An eating disorder is a broad term for a variety of conditions that impact individuals who eat far too little or way too much. Overall, eating disorders are characterized by unhealthy or dangerous relationships with food. Individuals who suffer from eating disorders may restrict how much they eat, what they eat, and when they eat. Others struggle to control the amount of food they consume. These illnesses cover a range of eating conditions – some more severe than others.

Eating disorders are dangerous and potentially fatal if left untreated. In fact, eating disorders have a higher fatality rate than any other mental health condition. Although women are more likely to suffer from an eating disorder than men, there are still plenty of men who experience disordered eating. Unfortunately, eating disorders are inextricably linked to drug and alcohol addiction. Let’s look at how eating disorders develop, the most common eating disorders, and how to identify disordered eating patterns.

How Eating Disorders Develop

Eating disorders may develop for a variety of reasons. Some causes of eating disorders include genetics, biological factors, and mental and emotional health. For example, professionals hypothesize that some people have specific genes that make them susceptible to developing an eating disorder. In addition, an individual’s biological makeup plays a role in eating disorder development. However, mental and emotional health is often at the root of disordered eating. People who have low-self-esteem, identify as perfectionists, display impulsive behaviors, or are engaged in unhealthy relationships are at an increased risk for disordered eating. The Mayo Clinic explains that family history, mental health conditions, extreme dieting, and stress all increase the risk of developing an eating disorder.[1]

Furthermore, recent evidence shows that pop culture and social media promote an ideal body type and distorted expectations of beauty that may lead to disordered eating. These are unrealistic expectations that are not attainable for everybody type. In fact, many of the images seen on social media and in pop culture are altered and photoshopped. However, it still influences young people and their body expectations. One study found that 69% of elementary school girls who read magazines claim that the pictures they see influence their concept of beauty and body shape. 47% of these girls said that the images they see make them want to lose weight.[2]

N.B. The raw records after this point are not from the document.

(* Under the standing assumptions, writing (R2) for the condition $\mathscr{R}(CC^*B^* )=\mathscr{R}(B^* )$, the following hold. (41) $\{M^{(1,2,4)}\}\subseteq\{C^{-1}B^{(1)}A^{-1}\}$; and $\{M^{(1,2,4)}\}\supseteq\{C^{-1}B^{(1)}A^{-1}\}\Leftrightarrow\{M^{(1,2,4)}\}=\{C^{-1}B^{(1)}A^{-1}\}\Leftrightarrow r(B)=n$. (42) $\{M^{(1,2,4)}\}\subseteq\{C^{-1}B^{(1,2)}A^{-1}\}$; and $\{M^{(1,2,4)}\}\supseteq\{C^{-1}B^{(1,2)}A^{-1}\}\Leftrightarrow\{M^{(1,2,4)}\}=\{C^{-1}B^{(1,2)}A^{-1}\}\Leftrightarrow B=0$ or $r(B)=n$. (43) $\{M^{(1,2,4)}\}\cap\{C^{-1}B^{(1,3)}A^{-1}\}\neq\emptyset$; $\{M^{(1,2,4)}\}\supseteq\{C^{-1}B^{(1,3)}A^{-1}\}\Leftrightarrow r(B)=n$; $\{M^{(1,2,4)}\}\subseteq\{C^{-1}B^{(1,3)}A^{-1}\}\Leftrightarrow B=0$ or $r(B)=m$; $\{M^{(1,2,4)}\}=\{C^{-1}B^{(1,3)}A^{-1}\}\Leftrightarrow r(B)=m=n$. (44) $\{M^{(1,2,4)}\}\cap\{C^{-1}B^{(1,4)}A^{-1}\}\neq\emptyset\Leftrightarrow\{M^{(1,2,4)}\}\subseteq\{C^{-1}B^{(1,4)}A^{-1}\}\Leftrightarrow$ (R2); and $\{M^{(1,2,4)}\}\supseteq\{C^{-1}B^{(1,4)}A^{-1}\}\Leftrightarrow\{M^{(1,2,4)}\}=\{C^{-1}B^{(1,4)}A^{-1}\}\Leftrightarrow$ (R2) and $r(B)=\min\{m,n\}$. (45) $\{M^{(1,2,4)}\}\cap\{C^{-1}B^{(1,2,3)}A^{-1}\}\neq\emptyset$; $\{M^{(1,2,4)}\}\supseteq\{C^{-1}B^{(1,2,3)}A^{-1}\}\Leftrightarrow B=0$ or $r(B)=n$; $\{M^{(1,2,4)}\}\subseteq\{C^{-1}B^{(1,2,3)}A^{-1}\}\Leftrightarrow B=0$ or $r(B)=m$; $\{M^{(1,2,4)}\}=\{C^{-1}B^{(1,2,3)}A^{-1}\}\Leftrightarrow B=0$ or $r(B)=m=n$. (46) $\{M^{(1,2,4)}\}\cap\{C^{-1}B^{(1,2,4)}A^{-1}\}\neq\emptyset\Leftrightarrow\{M^{(1,2,4)}\}=\{C^{-1}B^{(1,2,4)}A^{-1}\}\Leftrightarrow$ (R2). (47) $\{M^{(1,2,4)}\}\cap\{C^{-1}B^{(1,3,4)}A^{-1}\}\neq\emptyset\Leftrightarrow$ (R2); $\{M^{(1,2,4)}\}\supseteq\{C^{-1}B^{(1,3,4)}A^{-1}\}\Leftrightarrow$ (R2) and $r(B)=\min\{m,n\}$; $\{M^{(1,2,4)}\}\subseteq\{C^{-1}B^{(1,3,4)}A^{-1}\}\Leftrightarrow B=0$ or ((R2) and $r(B)=m$); $\{M^{(1,2,4)}\}=\{C^{-1}B^{(1,3,4)}A^{-1}\}\Leftrightarrow$ (R2) and $r(B)=m$. (48) $C^{-1}B^\dagger A^{-1}\in\{M^{(1,2,4)}\}\Leftrightarrow$ (R2).
   Context: Standing assumptions: $m,n\ge1$; $A\in\mathbb{C}^{m\times m}$ and $C\in\mathbb{C}^{n\times n}$ are nonsingular; $B\in\mathbb{C}^{m\times n}$; $M=ABC$. For a complex matrix $X$, $X^*$ is its conjugate transpose, $r(X)$ its rank and $\mathscr{R}(X)$ its column space. For $X\in\mathbb{C}^{p\times q}$, a matrix $G\in\mathbb{C}^{q\times p}$ is called an $\{i,\ldots,j\}$-generalized inverse of $X$ (written $X^{(i,\ldots,j)}$) if it satisfies the equations numbered $i,\ldots,j$ among the four Penrose equations (i) $XGX=X$, (ii) $GXG=G$, (iii) $(XG)^*=XG$, (iv) $(GX)^*=GX$; $\{X^{(i,\ldots,j)}\}$ denotes the set of all such $G$. The Moore–Penrose inverse $X^\dagger$ is the unique matrix satisfying all four equations. For a type $(k,\ldots,l)$, $\{C^{-1}B^{(k,\ldots,l)}A^{-1}\}:=\{C^{-1}GA^{-1}: G\in\{B^{(k,\ldots,l)}\}\}$. *)

(* Complex matrices are modelled over an arbitrary
   numClosedFieldType F (algebraically closed field with conjugation and
   order, e.g. algC or C itself). *)
From HB Require Import structures.
From mathcomp Require Import all_boot all_order all_algebra.
From Stdlib Require Import ClassicalEpsilon.
Set Implicit Arguments. Unset Strict Implicit. Unset Printing Implicit Defensive.
Import Order.TTheory GRing.Theory Num.Theory.
Local Open Scope ring_scope.

Section Defs.
Variable F : numClosedFieldType.

Definition ctr (p q : nat) (X : 'M[F]_(p, q)) : 'M[F]_(q, p) :=
  (map_mx (fun x : F => x^*) X)^T.

(* Column space equality R(X) = R(Y): column space of X is the row space of X^T *)
Definition colspace_eq (p q r : nat) (X : 'M[F]_(p, q)) (Y : 'M[F]_(p, r)) : Prop :=
  (X^T == Y^T)%MS.

Definition penrose (i : nat) (p q : nat) (X : 'M[F]_(p, q)) (G : 'M[F]_(q, p)) : Prop :=
  match i with
  | 1 => X *m G *m X = X
  | 2 => G *m X *m G = G
  | 3 => ctr (X *m G) = X *m G
  | 4 => ctr (G *m X) = G *m X
  | _ => True
  end.

Definition ginv (t : seq nat) (p q : nat) (X : 'M[F]_(p, q)) (G : 'M[F]_(q, p)) : Prop :=
  forall i, i \in t -> penrose i X G.

Definition mpinv (p q : nat) (X : 'M[F]_(p, q)) : 'M[F]_(q, p) :=
  epsilon (inhabits 0) (fun G => ginv [:: 1; 2; 3; 4]%N X G).

Definition tset (t : seq nat) (m n : nat) (A : 'M[F]_m) (B : 'M[F]_(m, n)) (C : 'M[F]_n)
  (H : 'M[F]_(n, m)) : Prop :=
  exists G, ginv t B G /\ H = invmx C *m G *m invmx A.

Definition msubset (p q : nat) (S T : 'M[F]_(p, q) -> Prop) : Prop :=
  forall X, S X -> T X.
Definition mseteq (p q : nat) (S T : 'M[F]_(p, q) -> Prop) : Prop :=
  forall X, S X <-> T X.
Definition mmeets (p q : nat) (S T : 'M[F]_(p, q) -> Prop) : Prop :=
  exists X, S X /\ T X.

End Defs.

(* Put [N := B *m C] and [Y := H *m A].  As [A] and [C] are invertible, [H]
   is a {1,2,4}-inverse of [M] iff [Y] is one of [N], and [C^-1 B^(t) A^-1]
   becomes the set [N{t}] of such [Y] when (4) is not in [t].  Equation (4)
   for [B] instead prescribes the projector [Y *m N] to be [Y0 *m N], where
   [Y0 := C^-1 B^+] is a {1,2,3}-inverse of [N]; since every {1,4}-inverse
   [Y] of [N] has [Y *m N = N^+ *m N], condition (R2) is just
   [Y0 *m N = N^+ *m N].
   Everything then reduces to two facts about a matrix [K].  If [K] has full
   column (row) rank, every {1}-inverse is a {2,4}- ({2,3}-)inverse.
   Otherwise, with [E := I - K^+ K] and [G := I - K K^+], the families
   [K^+ + E W K K^+], [K^+ + K^+ K W G] and [K^+ + E W G] contain
   {1,2,3}-inverses that are not {4}-inverses, {1,2,4}-inverses that are not
   {3}-inverses and {1,3,4}-inverses that are not {2}-inverses, because
   [H0 + E W G] is hermitian (resp. zero) for all [W] only if [E = 0] or
   [G = 0]. *)

From HB Require Import structures.
From mathcomp Require Import all_boot all_order all_algebra.
From mathcomp Require Import zify.
From Stdlib Require Import ClassicalEpsilon FunctionalExtensionality PropExtensionality.
Set Implicit Arguments. Unset Strict Implicit. Unset Printing Implicit Defensive.
Import Order.TTheory GRing.Theory Num.Theory.
Local Open Scope ring_scope.

Section ConjugateTranspose.
Variable F : numClosedFieldType.

Lemma ctrM (p q r : nat) (X : 'M[F]_(p, q)) (Y : 'M[F]_(q, r)) :
  ctr (X *m Y) = ctr Y *m ctr X.
Proof. by rewrite /ctr map_mxM trmx_mul. Qed.

Lemma ctrK (p q : nat) (X : 'M[F]_(p, q)) : ctr (ctr X) = X.
Proof. by apply/matrixP=> i j; rewrite /ctr !mxE conjCK. Qed.

Lemma ctrD (p q : nat) (X Y : 'M[F]_(p, q)) : ctr (X + Y) = ctr X + ctr Y.
Proof. by rewrite /ctr map_mxD linearD. Qed.

Lemma ctrZ (p q : nat) (a : F) (X : 'M[F]_(p, q)) : ctr (a *: X) = a^* *: ctr X.
Proof. by rewrite /ctr map_mxZ linearZ. Qed.

Lemma ctr0 (p q : nat) : ctr (0 : 'M[F]_(p, q)) = 0.
Proof. by rewrite /ctr map_mx0 trmx0. Qed.

Lemma ctr1 (p : nat) : ctr (1%:M : 'M[F]_p) = 1%:M.
Proof. by rewrite /ctr map_mx1 trmx1. Qed.

Lemma ctr_inv (p : nat) (X : 'M[F]_p) : ctr (invmx X) = invmx (ctr X).
Proof. by rewrite /ctr map_invmx trmx_inv. Qed.

Lemma ctr_unit (p : nat) (X : 'M[F]_p) : (ctr X \in unitmx) = (X \in unitmx).
Proof. by rewrite /ctr unitmx_tr map_unitmx. Qed.

Lemma mxrank_ctr (p q : nat) (X : 'M[F]_(p, q)) : \rank (ctr X) = \rank X.
Proof. by rewrite /ctr mxrank_tr mxrank_map. Qed.

(* The diagonal of [X *m ctr X] holds the squared norms of the rows of [X]. *)
Lemma mulmx_ctr_eq0 (p q : nat) (X : 'M[F]_(p, q)) : X *m ctr X = 0 -> X = 0.
Proof.
move=> XX0; apply/matrixP=> i j; rewrite mxE.
have /eqP := congr1 (fun Z : 'M[F]_p => Z i i) XX0.
have -> : (X *m ctr X) i i = \sum_k `|X i k| ^+ 2.
  by rewrite mxE; apply: eq_bigr => k _; rewrite /ctr !mxE normCK.
rewrite mxE psumr_eq0; last by move=> k _; rewrite exprn_ge0.
move=> /allP /(_ j (mem_index_enum _)) /=.
by rewrite sqrf_eq0 normr_eq0 => /eqP.
Qed.

Lemma row_free_gram_unit (p q : nat) (X : 'M[F]_(p, q)) :
  row_free X -> X *m ctr X \in unitmx.
Proof.
move=> freeX; rewrite -row_free_unit -kermx_eq0; apply/eqP.
set L := kermx _; have LXX : L *m (X *m ctr X) = 0 by apply/sub_kermxP.
have : (L *m X) *m ctr (L *m X) = 0 by rewrite ctrM !mulmxA -(mulmxA L) LXX mul0mx.
by move/mulmx_ctr_eq0/eqP; rewrite mulmx_free_eq0 // => /eqP.
Qed.

End ConjugateTranspose.

Section Sandwich.
Variable F : numClosedFieldType.

Lemma mulmx_delta_mx_entry (s t u v : nat) (E : 'M[F]_(s, t)) (G : 'M[F]_(u, v)) i j k l :
  (E *m delta_mx j k *m G) i l = E i j * G k l.
Proof.
rewrite !mxE (bigD1 k) //= big1 ?addr0 => [|k' k'k]; last first.
  by rewrite !mxE big1 ?mul0r // => j' _; rewrite mxE (negbTE k'k) andbF mulr0.
rewrite !mxE (bigD1 j) //= big1 ?addr0 => [|j' j'j]; last by rewrite mxE (negbTE j'j) mulr0.
by rewrite mxE !eqxx mulr1.
Qed.

Lemma sandwich_eq0 (s t u v : nat) (E : 'M[F]_(s, t)) (G : 'M[F]_(u, v)) :
  (forall Z, E *m Z *m G = 0) -> E = 0 \/ G = 0.
Proof.
move=> EZG0; have [->|/matrix0Pn[i [j Eij]]] := eqVneq E 0; [by left | right].
apply/matrixP=> k l; have /eqP := congr1 (fun Z : 'M_(s, v) => Z i l) (EZG0 (delta_mx j k)).
by rewrite mulmx_delta_mx_entry !mxE mulf_eq0 (negbTE Eij) => /eqP.
Qed.

(* Testing hermitian-ness at [Z] and at ['i *: Z] forces [E *m Z *m G = 0]. *)
Lemma sandwich_hermitian (s t u : nat) (H0 : 'M[F]_s) (E : 'M[F]_(s, t)) (G : 'M[F]_(u, s)) :
  (forall Z, ctr (H0 + E *m Z *m G) = H0 + E *m Z *m G) -> E = 0 \/ G = 0.
Proof.
move=> herm; apply: sandwich_eq0 => Z.
have H0h : ctr H0 = H0 by have := herm 0; rewrite mulmx0 mul0mx addr0.
have EZGh W : ctr (E *m W *m G) = E *m W *m G by have := herm W; rewrite ctrD H0h => /addrI.
have := EZGh ('i *: Z); rewrite -scalemxAr -scalemxAl ctrZ EZGh conjCi scaleNr.
move/eqP; rewrite eq_sym -subr_eq0 opprK -scalerDl scaler_eq0 => /orP[|/eqP //].
by rewrite -mulr2n mulrn_eq0 (negbTE (neq0Ci F)).
Qed.

End Sandwich.

Section GeneralizedInverses.
Variables (F : numClosedFieldType) (p q : nat).
Implicit Types (K : 'M[F]_(p, q)) (Y : 'M[F]_(q, p)) (s t : seq nat).

Lemma ginv_sub s t K Y : all (mem t) s -> ginv t K Y -> ginv s K Y.
Proof. by move=> /allP st KY i /st; apply: KY. Qed.

Lemma msubset_ginv s t K : all (mem t) s -> msubset (ginv t K) (ginv s K).
Proof. by move=> st Y; apply: ginv_sub. Qed.

Lemma ginv1P i K Y : ginv [:: i] K Y <-> penrose i K Y.
Proof. by split=> [KY|KY j]; [apply: KY; rewrite inE | rewrite inE => /eqP ->]. Qed.

Lemma ginv2P i j K Y : ginv [:: i; j] K Y <-> penrose i K Y /\ penrose j K Y.
Proof.
split=> [KY|[Ki Kj] k]; first by split; apply: KY; rewrite !inE eqxx ?orbT.
by rewrite !inE => /orP[] /eqP ->.
Qed.

Lemma ginv3P i j k K Y :
  ginv [:: i; j; k] K Y <-> [/\ penrose i K Y, penrose j K Y & penrose k K Y].
Proof.
split=> [KY|[Ki Kj Kk] l]; first by split; apply: KY; rewrite !inE eqxx ?orbT.
by rewrite !inE => /or3P[] /eqP ->.
Qed.

Lemma ginv_rcons s i K Y : ginv (rcons s i) K Y <-> ginv s K Y /\ penrose i K Y.
Proof.
split=> [KY|[Ks Ki] j].
  by split=> [j js|]; apply: KY; rewrite mem_rcons inE ?js ?eqxx ?orbT.
by rewrite mem_rcons inE => /orP[/eqP ->|/Ks].
Qed.

End GeneralizedInverses.

Section MoorePenroseInverse.
Variable F : numClosedFieldType.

For more insight on the prevalence and development of eating disorders, consider the following statistics:[3]

  • Eating disorders affect at least 30 million people in the U.S. – 10 million of whom are men.
  • A person dies due to an eating disorder every 62 minutes.
  • Nearly 10% of bulimia sufferers and binge eating disorder sufferers also suffer from a substance use disorder.
  • 33-50% of people with anorexia also suffer from depression and other mental health conditions.

Types of Eating Disorders

There are 6 main types of eating disorders that people suffer from. Each is characterized by different behaviors and eating patterns. However, all eating disorders are dangerous and potentially fatal.

Anorexia Nervosa

Anorexia nervosa is commonly referred to as anorexia and is one of the most well-known eating disorders. Like most other disordered eating habits, anorexia usually develops during adolescence or young adulthood and affects substantially more women than men. People who suffer from it tend to have a distorted perception of their body, or body dysmorphia, where they see themselves as overweight. People who suffer from anorexia may be severely underweight.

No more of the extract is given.